> PROBLEM TO SOLVE
Could you restate word for word every line of the records below, from the first one to the one holding "have mfg : measurable_fun"?

> MATERIAL PROVIDED
(* Let $G$ be a linearly ordered abelian group, $F$ a field of characteristic $0$, $n\leq 3$, and let $\Gamma$ be an almost non-degenerate elementary $G$-grading on $M_n(F)$ whose neutral component is commutative. Then $\Gamma$ is equivalent to the canonical $\mathbb{Z}$-grading on $M_n(F)$.
   Context: A linearly ordered group is a group with a translation-invariant total order. The elementary grading on $M_n(F)$ induced by $(g_1,\dots,g_n)$ is $R_g=\mathrm{span}\{e_{pq}: g_q-g_p=g\}$; the canonical $\mathbb{Z}$-grading is the one induced by $(0,1,\dots,n-1)$. Two gradings are equivalent if there are an algebra isomorphism $\varphi$ and a bijection $\alpha$ between their supports with $\varphi(A_g)=B_{\alpha(g)}$ for all $g$ in the support. A graded monomial identity is trivial if it lies in the $T_G$-ideal generated by the variables whose degree is outside the support of the grading, and non-trivial otherwise; a grading is almost non-degenerate if it satisfies no non-trivial multilinear graded monomial identity. *)

From HB Require Import structures.
From mathcomp Require Import all_boot all_order all_algebra.
Set Implicit Arguments. Unset Strict Implicit. Unset Printing Implicit Defensive.
Import GRing.Theory.
Local Open Scope ring_scope.

Definition lin_ordered_group (G : zmodType) (le : rel G) : Prop :=
  [/\ reflexive le, antisymmetric le, transitive le, total le &
      forall x y z : G, le x y -> le (x + z) (y + z)].

Section Elementary.
Variables (F : fieldType) (G : zmodType) (n : nat).
Lemma coupling_pushforward (mu nu : set T -> \bar R) (pi : probability (T * T)%type R)
    (f g : T -> T) :
  coupling mu nu pi -> measurable_fun [set: T] f -> measurable_fun [set: T] g ->
  exists2 pi' : probability (T * T)%type R,
    coupling (pushforward mu f) (pushforward nu g) pi' &
    transport_cost pi' = \int[pi]_z (eucl_dist (f z.1 : P) (g z.2 : P))%:E.
Proof.
move=> [pi1 pi2] mf mg; pose fg (z : (T * T)%type) := (f z.1, g z.2).
have mfg : measurable_fun [set: (T * T)%type] fg.
  apply: measurable_fun_pair; first exact: measurableT_comp mf measurable_fst.
  exact: measurableT_comp mg measurable_snd.
pose Phi : {mfun (T * T)%type >-> (T * T)%type} :=
  HB.pack fg (isMeasurableFun.Build _ _ _ _ _ mfg).
exists (distribution pi Phi).
  split => A mA.
    transitivity (pi (fst @^-1` (f @^-1` A))); first by [].
    by apply: pi1; rewrite -[X in measurable X]setTI; exact: mf.
  transitivity (pi (snd @^-1` (g @^-1` A))); first by [].
  by apply: pi2; rewrite -[X in measurable X]setTI; exact: mg.
rewrite /transport_cost ge0_integral_distribution //.
  by apply/measurable_EFinP; exact: measurable_eucl_dist.
by move=> z; rewrite lee_fin eucl_dist_ge0.
Qed.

> SOLUTION TO THIS TASK
(* Let $G$ be a linearly ordered abelian group, $F$ a field of characteristic $0$, $n\leq 3$, and let $\Gamma$ be an almost non-degenerate elementary $G$-grading on $M_n(F)$ whose neutral component is commutative. Then $\Gamma$ is equivalent to the canonical $\mathbb{Z}$-grading on $M_n(F)$.
   Context: A linearly ordered group is a group with a translation-invariant total order. The elementary grading on $M_n(F)$ induced by $(g_1,\dots,g_n)$ is $R_g=\mathrm{span}\{e_{pq}: g_q-g_p=g\}$; the canonical $\mathbb{Z}$-grading is the one induced by $(0,1,\dots,n-1)$. Two gradings are equivalent if there are an algebra isomorphism $\varphi$ and a bijection $\alpha$ between their supports with $\varphi(A_g)=B_{\alpha(g)}$ for all $g$ in the support. A graded monomial identity is trivial if it lies in the $T_G$-ideal generated by the variables whose degree is outside the support of the grading, and non-trivial otherwise; a grading is almost non-degenerate if it satisfies no non-trivial multilinear graded monomial identity. *)

From HB Require Import structures.
From mathcomp Require Import all_boot all_order all_algebra.
Set Implicit Arguments. Unset Strict Implicit. Unset Printing Implicit Defensive.
Import GRing.Theory.
Local Open Scope ring_scope.

Definition lin_ordered_group (G : zmodType) (le : rel G) : Prop :=
  [/\ reflexive le, antisymmetric le, transitive le, total le &
      forall x y z : G, le x y -> le (x + z) (y + z)].

Section Elementary.
Variables (F : fieldType) (G : zmodType) (n : nat).
Lemma coupling_pushforward (mu nu : set T -> \bar R) (pi : probability (T * T)%type R)
    (f g : T -> T) :
  coupling mu nu pi -> measurable_fun [set: T] f -> measurable_fun [set: T] g ->
  exists2 pi' : probability (T * T)%type R,
    coupling (pushforward mu f) (pushforward nu g) pi' &
    transport_cost pi' = \int[pi]_z (eucl_dist (f z.1 : P) (g z.2 : P))%:E.
Proof.
move=> [pi1 pi2] mf mg; pose fg (z : (T * T)%type) := (f z.1, g z.2).
have mfg : measurable_fun [set: (T * T)%type] fg.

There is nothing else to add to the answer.